Filmes ou pinturas, a partir daí eu vejo a luz e tento conseguir algo semelhante, mas eles são minha essência.
Qual é o seu processo criativo para desenvolver conteúdo que se conecta com seu público?
As ideias sempre surgem nos momentos mais aleatórios da vida, se estou treinando e uma ideia vem até mim, eu a escrevo e dois dias depois eu a leio e, se ela me faz sentir o que quero, tenho uma reunião criativa com minha equipe e digo a eles e, se eles gostarem e entenderem da mesma forma que eu, vou direto para pensar em planimetria, luz e outras coisas.
Você compartilhou seu conhecimento em conferências e universidades.

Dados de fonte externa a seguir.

(* Let $m,n$ be positive integers. The simplicial rook graph $\mathcal{SR}(m,n)$ is Hamiltonian, except in the cases $m=1$ and $(m,n)=(2,1)$.
   Context: For positive integers $m,n$, the simplicial rook graph $\mathcal{SR}(m,n)$ is the graph whose vertices are the vectors $(a_1,\dots,a_m)\in\mathbb{N}^m$ (nonnegative integer coordinates) with $a_1+\cdots+a_m=n$, two vertices being adjacent if and only if their vectors differ in exactly two coordinates. A graph is Hamiltonian if it has a cycle passing through every vertex exactly once. *)

From mathcomp Require Import all_boot.
Set Implicit Arguments. Unset Strict Implicit. Unset Printing Implicit Defensive.

(* Vertices of SR(m,n): vectors (a_1..a_m) of nonnegative integers with sum n.
   Each coordinate is at most n, so we store it in 'I_n.+1; the coercion to
   nat recovers the integer value. *)
Definition SRvert (m n : nat) :=
  {f : {ffun 'I_m -> 'I_n.+1} | \sum_(i < m) (f i : nat) == n}.

Definition SRadj (m n : nat) : rel (SRvert m n) :=
  fun u v => #|[set i : 'I_m | val u i != val v i]| == 2.

Definition hamiltonian (T : finType) (e : rel T) : Prop :=
  exists s : seq T, [/\ uniq s, size s = #|T|, 3 <= size s & cycle e s].

From mathcomp Require Import all_boot zify.
Set Implicit Arguments. Unset Strict Implicit. Unset Printing Implicit Defensive.

(* Identify a vertex with its coordinate sequence.  The lattice points of the
   dilated simplex N.Δ_m (sequences of length m+1 summing to N) can be listed
   as a "snake": by increasing first coordinate k, and within the block of a
   given k by the snake of N.Δ_(m-1) for N - k, reversed when k is odd.
   Consecutive entries differ in exactly two coordinates, the list runs from
   N.e_m to N.e_0, and these two corners are themselves adjacent; hence the
   snake closes up into a Hamiltonian cycle as soon as it has three vertices.
   SR(1, n) has a single vertex and SR(2, 1) only two. *)

Section Walks.

Variables (T : Type) (e : rel T).

Definition walk (s : seq T) (x y : T) :=
  exists r, [/\ s = x :: r, path e x r & last x r = y].

Lemma walk_cat s t x y z w :
  walk s x y -> walk t z w -> e y z -> walk (s ++ t) x w.
Proof.
case=> r [-> p_r <-] [r' [-> p_r' <-]] e_yz; exists (r ++ z :: r'); split => //.
- by rewrite cat_path p_r /= e_yz.
- by rewrite last_cat.
Qed.

Lemma walk_rev s x y : symmetric e -> walk s x y -> walk (rev s) y x.
Proof.
move=> e_sym [r [-> p_r <-]]; exists (rev (belast x r)); split.
- by rewrite lastI rev_rcons.
- by rewrite rev_path (eq_path (e' := e)) // => u v; rewrite e_sym.
- by case: r {p_r} => //= z r; rewrite rev_cons last_rcons.
Qed.

Lemma walk_cycle s x y : walk s x y -> e y x -> cycle e s.
Proof. by case=> r [-> p_r <-] e_yx; rewrite /= rcons_path p_r. Qed.

Lemma walk_flatten_iota (A : nat -> seq T) (a b : nat -> T) k j :
    (forall i, walk (A i) (a i) (b i)) ->
    (forall i, k <= i < k + j -> e (b i) (a i.+1)) ->
  walk (flatten [seq A i | i <- iota k j.+1]) (a k) (b (k + j)).
Proof.
move=> walk_A e_ba; elim: j k e_ba => [|j IH] k e_ba.
  by rewrite /= cats0 addn0; apply: walk_A.
apply: walk_cat (walk_A k) _ _; last by apply: e_ba; rewrite leqnn addnS ltnS leq_addr.
rewrite -addSnnS; apply: IH => i /andP [lt_ki lt_ij]; apply: e_ba.
by rewrite ltnW //= -addSnnS.
Qed.

End Walks.

Lemma walk_map (T U : Type) (e : rel T) (e' : rel U) (f : T -> U) s x y :
  {homo f : u v / e u v >-> e' u v} -> walk e s x y -> walk e' (map f s) (f x) (f y).
Proof.
move=> f_homo [r [-> p_r <-]]; exists (map f r); split => //.
- by rewrite path_map (sub_path _ p_r).
- by rewrite last_map.
Qed.

Definition hamming (T : eqType) (u v : seq T) := count (fun p => p.1 != p.2) (zip u v).

Lemma hamming_cons (T : eqType) (a b : T) u v :
  hamming (a :: u) (b :: v) = (a != b) + hamming u v.
Proof. by []. Qed.

Lemma hamming_sym (T : eqType) (u v : seq T) : hamming u v = hamming v u.
Proof. by elim: u v => [|a u IH] [|b v] //; rewrite !hamming_cons IH eq_sym. Qed.

Lemma hamming_refl (T : eqType) (u : seq T) : hamming u u = 0.
Proof. by elim: u => // a u IH; rewrite hamming_cons IH eqxx. Qed.

Lemma hamming_set_nth (T : eqType) (x0 x y : T) s j : j < size s ->
  hamming (set_nth x0 s j x) (set_nth x0 s j y) = (x != y).
Proof.
elim: s j => [//|a s IH] [|j] /= lt_js; rewrite hamming_cons.
- by rewrite hamming_refl addn0.
- by rewrite eqxx IH.
Qed.

Definition rook_adj (u v : seq nat) := hamming u v == 2.

Lemma rook_adj_sym : symmetric rook_adj.
Proof. by move=> u v; rewrite /rook_adj hamming_sym. Qed.

Definition corner (m j x : nat) := set_nth 0 (nseq m.+1 0) j x.

Lemma corner0 m j : j <= m -> corner m j 0 = nseq m.+1 0.
Proof. by elim: m j => [|m IH] [|j] //= le_jm; congr cons; apply: IH. Qed.

Lemma hamming_corner m j x y : j <= m -> hamming (corner m j x) (corner m j y) = (x != y).
Proof. by move=> le_jm; rewrite hamming_set_nth // size_nseq. Qed.

Fixpoint snake (m N : nat) : seq (seq nat) :=
  if m is m'.+1 then
    [seq k :: x | k <- iota 0 N.+1,
                  x <- if odd k then rev (snake m' (N - k)) else snake m' (N - k)]
  else [:: [:: N]].

Lemma snakeS m N : snake m.+1 N =
  [seq k :: x | k <- iota 0 N.+1,
                x <- if odd k then rev (snake m (N - k)) else snake m (N - k)].
Proof. by []. Qed.

Definition composition (m N : nat) (x : seq nat) := (size x == m) && (sumn x == N).

Lemma mem_snake m N x : (x \in snake m N) = composition m.+1 N x.
Proof.
rewrite /composition; elim: m N x => [|m IH] N x.
  by case: x => [|a [|b x]] //=; rewrite inE ?eqseq_cons ?andbT ?addn0 // andbF.
rewrite snakeS; apply/allpairsPdep/idP => [[k [y [k_iota y_snake ->]]] | ].
  move: k_iota y_snake; rewrite mem_iota (fun_if (fun s => y \in s)) mem_rev if_same IH.
  by rewrite /= => k_le /andP [/eqP size_y /eqP sum_y]; rewrite size_y sum_y; lia.
case: x => // k y /andP [/eqP [size_y] /eqP sum_y]; rewrite /= in sum_y.
exists k, y; split; last by [].
- by rewrite mem_iota; lia.
- by rewrite (fun_if (fun s => y \in s)) mem_rev if_same IH size_y /=; apply/eqP; lia.
Qed.

Lemma uniq_snake m N : uniq (snake m N).
Proof.
elim: m N => [//|m IH] N; apply: allpairs_uniq_dep => [|k _|].
- exact: iota_uniq.
- by case: odd; rewrite ?rev_uniq IH.
- by move=> [k y] [k' y'] _ _ /= [-> ->].
Qed.

Lemma walk_snake m N : walk rook_adj (snake m N) (corner m m N) (corner m 0 N).
Proof.
elim: m N => [|m IH] N; first by exists [::].
(* Block [k] runs from corner [side k] to corner [side k.+1] of its face, so
   consecutive blocks meet at corners with the same index. *)
pose side k := if odd k then 0 else m.
pose a k := k :: corner m (side k) (N - k).
pose b k := k :: corner m (side k.+1) (N - k).
have -> : corner m.+1 m.+1 N = a 0 by rewrite /a /side /= subn0.
have -> : corner m.+1 0 N = b N by rewrite /b /side subnn corner0 //; case: odd.
rewrite snakeS; apply: walk_flatten_iota => [k | k /andP [_ lt_kN]].
- apply: (walk_map (e := rook_adj) (f := cons k)) => [u v uv|].
    by rewrite /rook_adj hamming_cons eqxx add0n.
  rewrite /a /b /side /=; case: odd; last exact: IH.
  by apply: walk_rev; [exact: rook_adj_sym | exact: IH].
- rewrite /rook_adj hamming_cons hamming_corner; last by rewrite /side; case: odd.
  by apply/eqP; lia.
Qed.

Lemma rook_adj_corners m N : 0 < N -> rook_adj (corner m.+1 0 N) (corner m.+1 m.+1 N).
Proof.
move=> N_gt0; have -> : corner m.+1 0 N = N :: corner m m 0 by rewrite corner0.
by rewrite /rook_adj hamming_cons hamming_corner //; case: N N_gt0.
Qed.

Lemma nth_leq_sumn (s : seq nat) i : nth 0 s i <= sumn s.
Proof. by elim: s i => [|a s IH] [|i] //=; rewrite ?leq_addr // (leq_trans (IH i)) ?leq_addl. Qed.

Lemma sumn_map_enum_ord m (F : 'I_m -> nat) : sumn [seq F i | i <- enum 'I_m] = \sum_(i < m) F i.
Proof. by rewrite sumnE big_map big_enum. Qed.

Lemma map_nth_enum_ord m (x : seq nat) : size x = m -> [seq nth 0 x i | i : 'I_m <- enum 'I_m] = x.
Proof. by move=> <-; rewrite (map_comp (nth 0 x) val) val_enum_ord -/(mkseq _ _) mkseq_nth. Qed.

Section Coordinates.

Variables m n : nat.

Definition coords (v : SRvert m n) : seq nat := [seq (val v i : nat) | i <- enum 'I_m].

Lemma composition_coords v : composition m n (coords v).
Proof. by rewrite /composition size_map size_enum_ord sumn_map_enum_ord eqxx; case: v. Qed.

Lemma coords_inj : injective coords.
Proof.
move=> u v /eq_in_map eq_uv; apply/val_inj/ffunP => i; apply/val_inj.
by apply: eq_uv; rewrite mem_enum.
Qed.

Lemma coords_onto x : composition m n x -> exists v, coords v = x.
Proof.
case/andP=> /eqP size_x /eqP sum_x.
pose f : {ffun 'I_m -> 'I_n.+1} := [ffun i : 'I_m => inord (nth 0 x i)].
have fE i : f i = nth 0 x i :> nat by rewrite ffunE inordK // ltnS -sum_x nth_leq_sumn.
have coords_f : [seq (f i : nat) | i <- enum 'I_m] = x by rewrite (eq_map fE) map_nth_enum_ord.
have sum_f : \sum_(i < m) (f i : nat) == n by rewrite -sumn_map_enum_ord coords_f sum_x.
by exists (Sub f sum_f).
Qed.

Lemma lift_coords (L : seq (seq nat)) :
  all (composition m n) L -> exists s, map coords s = L.
Proof.
elim: L => [|x L IH] /=; first by exists [::].
by case/andP=> /coords_onto [v <-] /IH [s <-]; exists (v :: s).
Qed.

Lemma SRadjE u v : SRadj u v = rook_adj (coords u) (coords v).
Proof.
rewrite /SRadj /rook_adj /hamming zip_map count_map -sum1dep_card -sum1_count.
by rewrite big_enum_cond.
Qed.

End Coordinates.

Arguments coords {m n} v.

Lemma hamiltonian_card (T : finType) (e : rel T) : hamiltonian e -> 2 < #|T|.
Proof. by case=> s [_ <-]. Qed.

Lemma lift_snake m n : exists s : seq (SRvert m.+1 n), map coords s = snake m n.
Proof. by apply: lift_coords; apply/allP => x; rewrite mem_snake. Qed.

Lemma card_SRvert m n : #|{: SRvert m.+1 n}| = size (snake m n).
Proof.
have [s s_snake] := lift_snake m n.
have uniq_s : uniq s by rewrite -(map_inj_uniq (@coords_inj _ _)) s_snake uniq_snake.
have mem_s v : v \in s by rewrite -(mem_map (@coords_inj _ _)) s_snake mem_snake composition_coords.
by rewrite -s_snake size_map -(card_uniqP uniq_s); apply: eq_card => v; rewrite mem_s.
Qed.

Lemma SRadj_hamiltonian m n : 0 < n -> 2 < size (snake m.+1 n) -> hamiltonian (@SRadj m.+2 n).
Proof.
move=> n_gt0 snake_big; have [s s_snake] := lift_snake m.+1 n.
exists s; split.
- by rewrite -(map_inj_uniq (@coords_inj _ _)) s_snake uniq_snake.
- by rewrite card_SRvert -s_snake size_map.
- by rewrite -(size_map coords) s_snake.
- rewrite (eq_cycle (@SRadjE _ _)) -cycle_map s_snake.
  exact: walk_cycle (walk_snake _ _) (rook_adj_corners _ n_gt0).
Qed.

Lemma size_snake_gt2 m n : 0 < n -> ~ (m = 0 /\ n = 1) -> 2 < size (snake m.+1 n).
Proof.
move=> n_gt0 not_21.
suff [x [y [z [uniq_xyz comp_xyz]]]] : exists x y z,
    uniq [:: x; y; z] /\ all (composition m.+2 n) [:: x; y; z].
  apply: (uniq_leq_size uniq_xyz) => w /(allP comp_xyz); by rewrite mem_snake.
case: m not_21 => [|m] not_21.
  case: n n_gt0 not_21 => [|[|n]] // _ not_21; first by exfalso; apply: not_21.
  exists [:: n.+2; 0], [:: 0; n.+2], [:: 1; n.+1].
  by rewrite /composition /= !addn0 add0n add1n eqxx.
case: n n_gt0 not_21 => [|n] // _ _.
exists [:: n.+1, 0, 0 & nseq m 0], [:: 0, n.+1, 0 & nseq m 0], [:: 0, 0, n.+1 & nseq m 0].
by rewrite /composition /= size_nseq sumn_nseq mul0n !addn0 !add0n !eqxx.
Qed.

Theorem theorem3 (m n : nat) (hm : 0 < m) (hn : 0 < n) :
  hamiltonian (@SRadj m n) <-> ~ (m = 1 \/ (m = 2 /\ n = 1)).
Proof.
case: m hm => [//|[|m]] _.
  split=> [/hamiltonian_card | not_small]; last by case: not_small; left.
  by rewrite card_SRvert.
split=> [/hamiltonian_card + [//|[m0 n1]] | not_small].
  by rewrite card_SRvert; case: m m0 => // _; rewrite n1.
apply: (SRadj_hamiltonian hn); apply: (size_snake_gt2 hn) => -[m0 n1].
by apply: not_small; right; rewrite m0 n1.
Qed.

Que conselho você daria aos novos talentos que desejam entrar no mundo audiovisual?
Que eles estudem, sem dúvida, a academia ensina muitas coisas e bases que são úteis para o audiovisual, que eles fazem muito networking e que não têm medo de cobrar, é uma indústria e você deve tratá-la como tal.
Quais plataformas você considera essenciais para um criador de conteúdo atualmente e por quê?
Todos eles são necessários, se você quer clientes que pagam bons orçamentos, LinkedIn, se você quer reconhecimento rápido: TikTok e Instagram e se você quer uma comunidade sólida e duradoura: o YouTube.
Como você mantém um equilíbrio entre criatividade e tendências de mercado ao planejar seu conteúdo?
Tomando as tendências como base, mas inserindo minha linha e diferencial criativo nelas.
Quais ferramentas ou recursos você usa para otimizar sua produção e melhorar a qualidade do seu trabalho?
Eu uso essas duas páginas para me basear visualmente em algo diferente e para criar coisas do cinema.
Conte-nos sobre seu time favorito.
Para mim, minha câmera favorita atualmente é a A7 IV porque é uma híbrida que atende aos meus requisitos para criar conteúdo.
Que conselho você daria para alguém que está começando no mundo da criação de conteúdo e quer se destacar?
Para ser autêntico e constante, o sucesso das redes sociais é compartilhar conhecimentos que afetam as fibras de que cada pessoa que assiste seus vídeos sente que ganha algo, doravante paciência, porque esse não é um caminho que vem mais rápido, mas aquele que dura mais tempo.